- Brief: Please give the data again in full, exactly as it reads.
== == ==
(* Let $n,r\geq 1$ and let $F$ be a real-valued mapping defined on $\bigcup_{\eta\subset[n]}\Pi(\eta\times[r])$ which has the connectedness factorization property: for every nonempty $\eta\subset[n]$ and every $\rho\in\Pi(\eta\times[r])$, $$F(\rho)=\prod_{b\subset\eta:\ b\times[r]\in\rho\vee\pi_\eta}F(\rho_b),\qquad \rho_b:=\{c\in\rho: c\subset b\times[r]\}.$$ Then for every nonempty $\eta\subset[n]$ the virtual cumulant of $F$ satisfies $$C_F(\eta)=\sum_{\sigma\in\Pi(\eta\times[r]):\ \sigma\vee\pi_\eta=\widehat{1}}F(\sigma),$$ the sum being over connected partitions of $\eta\times[r]$.
   Context: $[n]=\{1,\dots,n\}$; $\Pi(S)$ is the set of partitions of a finite set $S$; $\rho\vee\sigma$ is the finest partition coarser than $\rho$ and $\sigma$, $\widehat{1}$ is the one-block partition. For $\eta\subset[n]$, $\pi_\eta=\{\pi_k:k\in\eta\}$ with $\pi_k=\{(k,1),\dots,(k,r)\}$; note that every block of $\rho\vee\pi_\eta$ has the form $b\times[r]$ with $b\subset\eta$. The Möbius transform is $\widehat{F}(\eta):=\sum_{\rho\in\Pi(\eta\times[r])}F(\rho)$, $\widehat F(\emptyset)=0$. The virtual cumulant $C_F$ is defined by $C_F(\eta)=\widehat F(\eta)$ when $|\eta|=1$, and recursively $C_F(\eta)=\widehat F(\eta)-\sum_{\sigma\in\Pi(\eta),\,|\sigma|\geq 2}\prod_{b\in\sigma}C_F(b)$ for $|\eta|\geq 2$. *)

From HB Require Import structures.
From mathcomp Require Import all_boot all_order all_algebra.
Set Implicit Arguments. Unset Strict Implicit. Unset Printing Implicit Defensive.
Import Order.TTheory GRing.Theory Num.Theory.
Local Open Scope ring_scope.

Section VirtualCumulants.
Variables (R : comNzRingType) (n r : nat).
Local Notation T := ('I_n * 'I_r)%type.

Definition cyl (eta : {set 'I_n}) : {set T} := setX eta [set: 'I_r].

Definition is_part (eta : {set 'I_n}) (rho : {set {set T}}) : bool :=
  partition rho (cyl eta).

Definition pi_eta (eta : {set 'I_n}) : {set {set T}} :=
  [set [set (k, j) | j : 'I_r] | k in eta].

(* join of two partitions P, Q of the same set: the finest common coarsening,
   i.e. the classes of the equivalence generated by "lie in a common block". *)
Definition pjoin (P Q : {set {set T}}) : {set {set T}} :=
  equivalence_partition
    (connect (fun x y => [exists B in P :|: Q, (x \in B) && (y \in B)]))
    (cover P).

Definition one_hat (eta : {set 'I_n}) : {set {set T}} := [set cyl eta].

Definition restr (rho : {set {set T}}) (b : {set 'I_n}) : {set {set T}} :=
  [set c in rho | c \subset cyl b].

Definition mobius (F : {set {set T}} -> R) (eta : {set 'I_n}) : R :=
  if eta == set0 then 0 else \sum_(rho | is_part eta rho) F rho.

(* Virtual cumulant, by recursion on a fuel parameter; the actual cumulant
   uses fuel #|eta|, which suffices since blocks of a partition with >= 2
   blocks are strictly smaller. *)
Fixpoint vcum_fuel (F : {set {set T}} -> R) (k : nat) (eta : {set 'I_n}) : R :=
  match k with
  | 0 => 0
  | k'.+1 =>
      if #|eta| == 1%N then mobius F eta
      else mobius F eta -
           \sum_(sigma : {set {set 'I_n}} | partition sigma eta && (2 <= #|sigma|)%N)
              \prod_(b in sigma) vcum_fuel F k' b
  end.

Definition vcum (F : {set {set T}} -> R) (eta : {set 'I_n}) : R :=
  vcum_fuel F #|eta| eta.

Definition conn_factorization (F : {set {set T}} -> R) : Prop :=
  forall (eta : {set 'I_n}) (rho : {set {set T}}),
    eta != set0 -> is_part eta rho ->
    F rho = \prod_(b : {set 'I_n} | (b \subset eta) &&
                                   (cyl b \in pjoin rho (pi_eta eta)))
              F (restr rho b).

End VirtualCumulants.

From HB Require Import structures.
From mathcomp Require Import all_boot all_order all_algebra.
Import Order.TTheory GRing.Theory Num.Theory.
Set Implicit Arguments. Unset Strict Implicit. Unset Printing Implicit Defensive.
Local Open Scope ring_scope.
== == ==
- Response below:
(* Let $n,r\geq 1$ and let $F$ be a real-valued mapping defined on $\bigcup_{\eta\subset[n]}\Pi(\eta\times[r])$ which has the connectedness factorization property: for every nonempty $\eta\subset[n]$ and every $\rho\in\Pi(\eta\times[r])$, $$F(\rho)=\prod_{b\subset\eta:\ b\times[r]\in\rho\vee\pi_\eta}F(\rho_b),\qquad \rho_b:=\{c\in\rho: c\subset b\times[r]\}.$$ Then for every nonempty $\eta\subset[n]$ the virtual cumulant of $F$ satisfies $$C_F(\eta)=\sum_{\sigma\in\Pi(\eta\times[r]):\ \sigma\vee\pi_\eta=\widehat{1}}F(\sigma),$$ the sum being over connected partitions of $\eta\times[r]$.
   Context: $[n]=\{1,\dots,n\}$; $\Pi(S)$ is the set of partitions of a finite set $S$; $\rho\vee\sigma$ is the finest partition coarser than $\rho$ and $\sigma$, $\widehat{1}$ is the one-block partition. For $\eta\subset[n]$, $\pi_\eta=\{\pi_k:k\in\eta\}$ with $\pi_k=\{(k,1),\dots,(k,r)\}$; note that every block of $\rho\vee\pi_\eta$ has the form $b\times[r]$ with $b\subset\eta$. The Möbius transform is $\widehat{F}(\eta):=\sum_{\rho\in\Pi(\eta\times[r])}F(\rho)$, $\widehat F(\emptyset)=0$. The virtual cumulant $C_F$ is defined by $C_F(\eta)=\widehat F(\eta)$ when $|\eta|=1$, and recursively $C_F(\eta)=\widehat F(\eta)-\sum_{\sigma\in\Pi(\eta),\,|\sigma|\geq 2}\prod_{b\in\sigma}C_F(b)$ for $|\eta|\geq 2$. *)

From HB Require Import structures.
From mathcomp Require Import all_boot all_order all_algebra.
Set Implicit Arguments. Unset Strict Implicit. Unset Printing Implicit Defensive.
Import Order.TTheory GRing.Theory Num.Theory.
Local Open Scope ring_scope.

Section VirtualCumulants.
Variables (R : comNzRingType) (n r : nat).
Local Notation T := ('I_n * 'I_r)%type.

Definition cyl (eta : {set 'I_n}) : {set T} := setX eta [set: 'I_r].

Definition is_part (eta : {set 'I_n}) (rho : {set {set T}}) : bool :=
  partition rho (cyl eta).

Definition pi_eta (eta : {set 'I_n}) : {set {set T}} :=
  [set [set (k, j) | j : 'I_r] | k in eta].

(* join of two partitions P, Q of the same set: the finest common coarsening,
   i.e. the classes of the equivalence generated by "lie in a common block". *)
Definition pjoin (P Q : {set {set T}}) : {set {set T}} :=
  equivalence_partition
    (connect (fun x y => [exists B in P :|: Q, (x \in B) && (y \in B)]))
    (cover P).

Definition one_hat (eta : {set 'I_n}) : {set {set T}} := [set cyl eta].

Definition restr (rho : {set {set T}}) (b : {set 'I_n}) : {set {set T}} :=
  [set c in rho | c \subset cyl b].

Definition mobius (F : {set {set T}} -> R) (eta : {set 'I_n}) : R :=
  if eta == set0 then 0 else \sum_(rho | is_part eta rho) F rho.

(* Virtual cumulant, by recursion on a fuel parameter; the actual cumulant
   uses fuel #|eta|, which suffices since blocks of a partition with >= 2
   blocks are strictly smaller. *)
Fixpoint vcum_fuel (F : {set {set T}} -> R) (k : nat) (eta : {set 'I_n}) : R :=
  match k with
  | 0 => 0
  | k'.+1 =>
      if #|eta| == 1%N then mobius F eta
      else mobius F eta -
           \sum_(sigma : {set {set 'I_n}} | partition sigma eta && (2 <= #|sigma|)%N)
              \prod_(b in sigma) vcum_fuel F k' b
  end.

Definition vcum (F : {set {set T}} -> R) (eta : {set 'I_n}) : R :=
  vcum_fuel F #|eta| eta.

Definition conn_factorization (F : {set {set T}} -> R) : Prop :=
  forall (eta : {set 'I_n}) (rho : {set {set T}}),
    eta != set0 -> is_part eta rho ->
    F rho = \prod_(b : {set 'I_n} | (b \subset eta) &&
                                   (cyl b \in pjoin rho (pi_eta eta)))
              F (restr rho b).

End VirtualCumulants.

From HB Require Import structures.
From mathcomp Require Import all_boot all_order all_algebra.
Import Order.TTheory GRing.Theory Num.Theory.
Set Implicit Arguments. Unset Strict Implicit. Unset Printing Implicit Defensive.
Local Open Scope ring_scope.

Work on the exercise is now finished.